→ **Description of the task**
In the entries below, find the line with "i j / (i <= j)%N >-> j" and print exactly every line from there up to and including the line with "Lemma le_half_from_inv_bound (R", with no other lines.
*** Opening of Data listing ***
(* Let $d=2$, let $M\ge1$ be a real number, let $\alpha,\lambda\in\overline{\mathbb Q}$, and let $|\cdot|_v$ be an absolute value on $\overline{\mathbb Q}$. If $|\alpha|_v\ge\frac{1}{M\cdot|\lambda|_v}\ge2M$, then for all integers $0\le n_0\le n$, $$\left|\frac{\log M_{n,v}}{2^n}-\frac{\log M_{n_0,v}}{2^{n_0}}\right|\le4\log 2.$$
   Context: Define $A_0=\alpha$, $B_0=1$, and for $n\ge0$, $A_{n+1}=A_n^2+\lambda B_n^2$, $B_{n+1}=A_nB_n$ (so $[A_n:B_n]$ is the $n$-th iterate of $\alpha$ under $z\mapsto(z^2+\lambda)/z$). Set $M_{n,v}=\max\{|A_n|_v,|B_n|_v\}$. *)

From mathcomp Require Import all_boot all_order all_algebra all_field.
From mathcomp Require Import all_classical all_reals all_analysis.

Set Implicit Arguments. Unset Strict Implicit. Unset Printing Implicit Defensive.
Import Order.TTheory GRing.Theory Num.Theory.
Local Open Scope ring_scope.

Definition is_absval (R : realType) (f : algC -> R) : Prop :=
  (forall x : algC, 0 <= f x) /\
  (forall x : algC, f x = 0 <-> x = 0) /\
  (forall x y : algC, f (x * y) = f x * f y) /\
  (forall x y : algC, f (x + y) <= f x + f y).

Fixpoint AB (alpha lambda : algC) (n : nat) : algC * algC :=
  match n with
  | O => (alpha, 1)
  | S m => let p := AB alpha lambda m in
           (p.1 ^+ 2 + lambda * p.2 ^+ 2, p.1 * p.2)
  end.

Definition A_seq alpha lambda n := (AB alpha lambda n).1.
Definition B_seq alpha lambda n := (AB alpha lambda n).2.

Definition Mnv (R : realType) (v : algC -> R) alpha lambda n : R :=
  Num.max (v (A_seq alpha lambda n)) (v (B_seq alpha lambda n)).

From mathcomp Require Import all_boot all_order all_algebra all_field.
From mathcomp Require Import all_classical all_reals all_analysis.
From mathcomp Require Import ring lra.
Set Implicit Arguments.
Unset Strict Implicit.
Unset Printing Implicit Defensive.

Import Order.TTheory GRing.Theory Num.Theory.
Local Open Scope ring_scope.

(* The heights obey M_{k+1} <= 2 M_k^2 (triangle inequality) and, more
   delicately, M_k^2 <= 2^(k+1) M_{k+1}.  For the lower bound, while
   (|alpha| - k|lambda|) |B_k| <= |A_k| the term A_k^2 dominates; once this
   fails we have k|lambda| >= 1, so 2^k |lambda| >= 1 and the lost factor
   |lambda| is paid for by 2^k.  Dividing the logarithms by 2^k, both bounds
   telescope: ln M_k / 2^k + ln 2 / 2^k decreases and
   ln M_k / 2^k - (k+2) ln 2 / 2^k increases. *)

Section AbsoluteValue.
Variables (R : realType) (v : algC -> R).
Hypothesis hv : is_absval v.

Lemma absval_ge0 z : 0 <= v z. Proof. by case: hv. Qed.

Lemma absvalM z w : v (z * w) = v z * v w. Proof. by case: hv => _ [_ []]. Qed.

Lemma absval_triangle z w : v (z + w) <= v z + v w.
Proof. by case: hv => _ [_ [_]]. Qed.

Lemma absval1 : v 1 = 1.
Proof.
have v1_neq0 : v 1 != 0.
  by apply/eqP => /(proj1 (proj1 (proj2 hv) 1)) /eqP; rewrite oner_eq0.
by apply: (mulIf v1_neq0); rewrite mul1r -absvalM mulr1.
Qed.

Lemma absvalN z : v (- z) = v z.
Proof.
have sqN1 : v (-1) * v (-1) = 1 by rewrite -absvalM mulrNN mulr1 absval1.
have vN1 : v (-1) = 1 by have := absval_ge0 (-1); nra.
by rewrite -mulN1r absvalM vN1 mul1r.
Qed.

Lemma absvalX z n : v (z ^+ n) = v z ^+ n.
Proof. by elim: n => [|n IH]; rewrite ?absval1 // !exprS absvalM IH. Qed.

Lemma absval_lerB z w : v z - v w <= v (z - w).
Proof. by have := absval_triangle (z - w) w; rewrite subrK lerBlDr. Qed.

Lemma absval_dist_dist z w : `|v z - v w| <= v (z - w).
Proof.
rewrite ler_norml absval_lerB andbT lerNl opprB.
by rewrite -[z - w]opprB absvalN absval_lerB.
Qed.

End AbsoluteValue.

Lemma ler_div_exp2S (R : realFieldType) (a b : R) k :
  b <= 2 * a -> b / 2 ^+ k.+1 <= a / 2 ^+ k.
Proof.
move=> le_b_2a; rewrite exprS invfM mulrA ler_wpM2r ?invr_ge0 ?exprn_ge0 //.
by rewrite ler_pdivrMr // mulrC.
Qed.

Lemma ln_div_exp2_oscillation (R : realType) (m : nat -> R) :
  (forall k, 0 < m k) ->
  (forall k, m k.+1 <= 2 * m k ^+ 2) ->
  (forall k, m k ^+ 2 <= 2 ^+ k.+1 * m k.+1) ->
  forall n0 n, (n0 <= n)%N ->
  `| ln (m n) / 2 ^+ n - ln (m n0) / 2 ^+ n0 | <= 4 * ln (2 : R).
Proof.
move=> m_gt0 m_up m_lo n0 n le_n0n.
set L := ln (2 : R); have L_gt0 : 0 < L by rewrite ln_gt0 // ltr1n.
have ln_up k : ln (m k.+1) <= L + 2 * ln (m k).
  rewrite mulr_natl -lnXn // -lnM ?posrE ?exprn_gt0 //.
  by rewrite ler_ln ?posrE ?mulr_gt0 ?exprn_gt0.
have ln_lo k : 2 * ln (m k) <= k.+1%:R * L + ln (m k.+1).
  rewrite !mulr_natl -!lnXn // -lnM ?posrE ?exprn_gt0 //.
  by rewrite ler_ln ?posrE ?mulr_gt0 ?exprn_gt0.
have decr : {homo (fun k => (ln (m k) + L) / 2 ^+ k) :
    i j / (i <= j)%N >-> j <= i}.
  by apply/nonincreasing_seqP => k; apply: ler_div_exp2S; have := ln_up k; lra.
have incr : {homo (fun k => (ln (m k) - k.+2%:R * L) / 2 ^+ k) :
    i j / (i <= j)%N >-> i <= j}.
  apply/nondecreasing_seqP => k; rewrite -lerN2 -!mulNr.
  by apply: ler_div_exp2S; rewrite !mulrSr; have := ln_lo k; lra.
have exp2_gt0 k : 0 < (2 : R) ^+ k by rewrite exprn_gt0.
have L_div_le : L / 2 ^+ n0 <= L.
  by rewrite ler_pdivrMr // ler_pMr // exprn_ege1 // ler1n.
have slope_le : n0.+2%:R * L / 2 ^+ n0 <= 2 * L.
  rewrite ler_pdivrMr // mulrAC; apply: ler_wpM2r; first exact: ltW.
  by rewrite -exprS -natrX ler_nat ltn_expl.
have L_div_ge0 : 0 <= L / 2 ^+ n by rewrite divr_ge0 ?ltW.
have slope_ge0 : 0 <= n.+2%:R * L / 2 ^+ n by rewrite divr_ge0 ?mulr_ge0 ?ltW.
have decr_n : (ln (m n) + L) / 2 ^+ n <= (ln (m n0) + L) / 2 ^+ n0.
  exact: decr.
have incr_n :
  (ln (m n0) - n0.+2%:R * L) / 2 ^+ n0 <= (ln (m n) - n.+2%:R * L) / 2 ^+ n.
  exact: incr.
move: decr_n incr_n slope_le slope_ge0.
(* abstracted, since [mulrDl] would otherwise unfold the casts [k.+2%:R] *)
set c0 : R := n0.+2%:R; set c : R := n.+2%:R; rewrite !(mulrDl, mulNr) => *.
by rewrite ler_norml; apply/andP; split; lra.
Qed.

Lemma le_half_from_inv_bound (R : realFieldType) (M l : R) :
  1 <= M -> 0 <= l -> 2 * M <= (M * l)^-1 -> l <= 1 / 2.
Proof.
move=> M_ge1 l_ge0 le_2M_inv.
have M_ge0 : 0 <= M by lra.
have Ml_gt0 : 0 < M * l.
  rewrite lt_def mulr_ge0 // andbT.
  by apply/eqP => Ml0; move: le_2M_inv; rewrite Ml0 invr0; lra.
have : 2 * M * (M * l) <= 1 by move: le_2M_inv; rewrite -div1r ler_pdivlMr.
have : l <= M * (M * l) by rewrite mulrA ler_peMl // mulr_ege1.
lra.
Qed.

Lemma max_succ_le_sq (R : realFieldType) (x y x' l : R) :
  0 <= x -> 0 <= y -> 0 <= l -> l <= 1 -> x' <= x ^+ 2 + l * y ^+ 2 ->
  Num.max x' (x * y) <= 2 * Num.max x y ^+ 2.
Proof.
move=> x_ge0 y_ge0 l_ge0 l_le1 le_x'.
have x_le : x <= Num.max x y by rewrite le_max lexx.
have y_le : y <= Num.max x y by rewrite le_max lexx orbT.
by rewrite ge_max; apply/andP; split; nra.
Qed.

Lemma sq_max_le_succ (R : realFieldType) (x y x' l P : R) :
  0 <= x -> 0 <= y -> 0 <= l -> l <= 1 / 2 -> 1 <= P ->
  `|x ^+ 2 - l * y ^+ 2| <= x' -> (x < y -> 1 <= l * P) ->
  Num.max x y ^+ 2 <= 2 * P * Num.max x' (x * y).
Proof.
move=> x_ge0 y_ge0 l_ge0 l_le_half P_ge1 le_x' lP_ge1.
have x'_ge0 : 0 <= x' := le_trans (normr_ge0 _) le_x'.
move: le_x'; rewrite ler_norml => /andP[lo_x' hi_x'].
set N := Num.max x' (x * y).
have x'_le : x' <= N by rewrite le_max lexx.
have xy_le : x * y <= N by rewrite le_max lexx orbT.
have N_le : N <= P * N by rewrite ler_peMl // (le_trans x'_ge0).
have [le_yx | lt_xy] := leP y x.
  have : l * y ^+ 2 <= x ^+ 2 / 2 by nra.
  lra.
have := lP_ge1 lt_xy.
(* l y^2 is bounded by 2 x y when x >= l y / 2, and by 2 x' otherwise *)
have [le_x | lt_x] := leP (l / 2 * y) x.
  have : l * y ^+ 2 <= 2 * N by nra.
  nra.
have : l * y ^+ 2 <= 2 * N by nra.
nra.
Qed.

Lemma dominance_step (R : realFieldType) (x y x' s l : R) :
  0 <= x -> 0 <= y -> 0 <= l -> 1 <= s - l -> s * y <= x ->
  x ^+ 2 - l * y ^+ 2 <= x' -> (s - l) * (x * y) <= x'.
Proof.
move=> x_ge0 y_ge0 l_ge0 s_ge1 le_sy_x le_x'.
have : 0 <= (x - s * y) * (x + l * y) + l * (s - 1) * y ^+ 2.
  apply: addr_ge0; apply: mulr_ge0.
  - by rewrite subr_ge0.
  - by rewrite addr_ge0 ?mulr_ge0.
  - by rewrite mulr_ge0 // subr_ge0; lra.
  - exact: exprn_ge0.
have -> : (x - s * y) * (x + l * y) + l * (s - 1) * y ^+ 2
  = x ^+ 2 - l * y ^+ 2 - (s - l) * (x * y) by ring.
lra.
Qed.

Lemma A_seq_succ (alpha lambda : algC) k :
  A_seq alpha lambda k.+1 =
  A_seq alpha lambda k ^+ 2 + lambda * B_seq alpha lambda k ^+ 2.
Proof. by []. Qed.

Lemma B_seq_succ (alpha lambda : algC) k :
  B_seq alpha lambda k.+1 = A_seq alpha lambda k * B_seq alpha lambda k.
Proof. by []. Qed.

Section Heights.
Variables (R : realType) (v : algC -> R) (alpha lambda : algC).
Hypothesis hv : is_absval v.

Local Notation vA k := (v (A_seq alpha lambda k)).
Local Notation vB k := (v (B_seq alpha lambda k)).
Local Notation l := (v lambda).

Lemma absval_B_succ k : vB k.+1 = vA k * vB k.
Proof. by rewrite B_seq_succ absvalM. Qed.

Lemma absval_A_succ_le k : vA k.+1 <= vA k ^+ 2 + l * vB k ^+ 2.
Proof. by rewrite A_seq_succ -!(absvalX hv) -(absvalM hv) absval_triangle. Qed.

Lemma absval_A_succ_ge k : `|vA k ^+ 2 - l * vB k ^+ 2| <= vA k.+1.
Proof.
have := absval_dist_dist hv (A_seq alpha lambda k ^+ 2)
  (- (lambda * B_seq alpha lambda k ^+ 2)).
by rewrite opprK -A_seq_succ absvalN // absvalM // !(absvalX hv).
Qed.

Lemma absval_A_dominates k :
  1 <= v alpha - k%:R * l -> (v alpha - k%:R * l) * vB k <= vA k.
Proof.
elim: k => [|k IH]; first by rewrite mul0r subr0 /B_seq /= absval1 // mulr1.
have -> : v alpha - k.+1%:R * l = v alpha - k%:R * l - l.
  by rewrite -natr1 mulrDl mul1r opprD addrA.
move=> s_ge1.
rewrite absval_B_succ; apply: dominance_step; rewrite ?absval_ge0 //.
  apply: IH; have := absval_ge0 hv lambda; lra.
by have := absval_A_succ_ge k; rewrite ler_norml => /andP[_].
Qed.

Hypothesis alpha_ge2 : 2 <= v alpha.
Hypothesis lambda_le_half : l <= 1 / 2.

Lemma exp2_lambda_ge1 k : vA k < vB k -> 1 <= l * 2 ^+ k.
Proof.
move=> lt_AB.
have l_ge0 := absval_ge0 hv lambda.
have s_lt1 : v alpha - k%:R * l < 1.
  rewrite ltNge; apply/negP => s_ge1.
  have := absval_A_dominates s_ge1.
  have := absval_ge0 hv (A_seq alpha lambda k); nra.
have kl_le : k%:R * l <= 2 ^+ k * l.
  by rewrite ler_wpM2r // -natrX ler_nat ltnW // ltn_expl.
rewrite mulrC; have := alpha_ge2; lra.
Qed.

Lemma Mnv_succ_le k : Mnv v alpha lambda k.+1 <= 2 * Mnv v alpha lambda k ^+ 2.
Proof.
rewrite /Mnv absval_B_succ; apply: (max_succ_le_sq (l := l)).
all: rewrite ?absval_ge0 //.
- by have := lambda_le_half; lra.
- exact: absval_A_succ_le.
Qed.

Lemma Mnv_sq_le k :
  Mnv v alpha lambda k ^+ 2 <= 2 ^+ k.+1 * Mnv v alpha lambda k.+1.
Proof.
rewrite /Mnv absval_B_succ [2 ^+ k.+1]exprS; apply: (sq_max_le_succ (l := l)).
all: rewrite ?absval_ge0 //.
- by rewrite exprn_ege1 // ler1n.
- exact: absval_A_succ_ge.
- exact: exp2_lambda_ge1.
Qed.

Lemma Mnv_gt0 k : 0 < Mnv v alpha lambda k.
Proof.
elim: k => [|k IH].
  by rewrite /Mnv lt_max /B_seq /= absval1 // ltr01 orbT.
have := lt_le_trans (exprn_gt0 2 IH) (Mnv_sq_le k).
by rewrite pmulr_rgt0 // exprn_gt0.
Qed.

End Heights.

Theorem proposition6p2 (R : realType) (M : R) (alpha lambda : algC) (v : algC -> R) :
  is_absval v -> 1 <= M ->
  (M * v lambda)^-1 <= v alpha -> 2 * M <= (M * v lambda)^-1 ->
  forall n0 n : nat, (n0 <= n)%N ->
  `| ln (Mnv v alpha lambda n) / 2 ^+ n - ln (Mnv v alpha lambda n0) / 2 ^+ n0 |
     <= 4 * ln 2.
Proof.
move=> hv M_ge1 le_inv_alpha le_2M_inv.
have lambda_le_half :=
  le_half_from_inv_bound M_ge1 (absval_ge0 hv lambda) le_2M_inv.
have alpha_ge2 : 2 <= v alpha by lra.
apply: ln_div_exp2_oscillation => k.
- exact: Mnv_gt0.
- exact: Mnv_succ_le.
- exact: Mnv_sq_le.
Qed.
*** Close of Data listing ***
→ **Reply**
    i j / (i <= j)%N >-> j <= i}.
  by apply/nonincreasing_seqP => k; apply: ler_div_exp2S; have := ln_up k; lra.
have incr : {homo (fun k => (ln (m k) - k.+2%:R * L) / 2 ^+ k) :
    i j / (i <= j)%N >-> i <= j}.
  apply/nondecreasing_seqP => k; rewrite -lerN2 -!mulNr.
  by apply: ler_div_exp2S; rewrite !mulrSr; have := ln_lo k; lra.
have exp2_gt0 k : 0 < (2 : R) ^+ k by rewrite exprn_gt0.
have L_div_le : L / 2 ^+ n0 <= L.
  by rewrite ler_pdivrMr // ler_pMr // exprn_ege1 // ler1n.
have slope_le : n0.+2%:R * L / 2 ^+ n0 <= 2 * L.
  rewrite ler_pdivrMr // mulrAC; apply: ler_wpM2r; first exact: ltW.
  by rewrite -exprS -natrX ler_nat ltn_expl.
have L_div_ge0 : 0 <= L / 2 ^+ n by rewrite divr_ge0 ?ltW.
have slope_ge0 : 0 <= n.+2%:R * L / 2 ^+ n by rewrite divr_ge0 ?mulr_ge0 ?ltW.
have decr_n : (ln (m n) + L) / 2 ^+ n <= (ln (m n0) + L) / 2 ^+ n0.
  exact: decr.
have incr_n :
  (ln (m n0) - n0.+2%:R * L) / 2 ^+ n0 <= (ln (m n) - n.+2%:R * L) / 2 ^+ n.
  exact: incr.
move: decr_n incr_n slope_le slope_ge0.
(* abstracted, since [mulrDl] would otherwise unfold the casts [k.+2%:R] *)
set c0 : R := n0.+2%:R; set c : R := n.+2%:R; rewrite !(mulrDl, mulNr) => *.
by rewrite ler_norml; apply/andP; split; lra.
Qed.

Lemma le_half_from_inv_bound (R : realFieldType) (M l : R) :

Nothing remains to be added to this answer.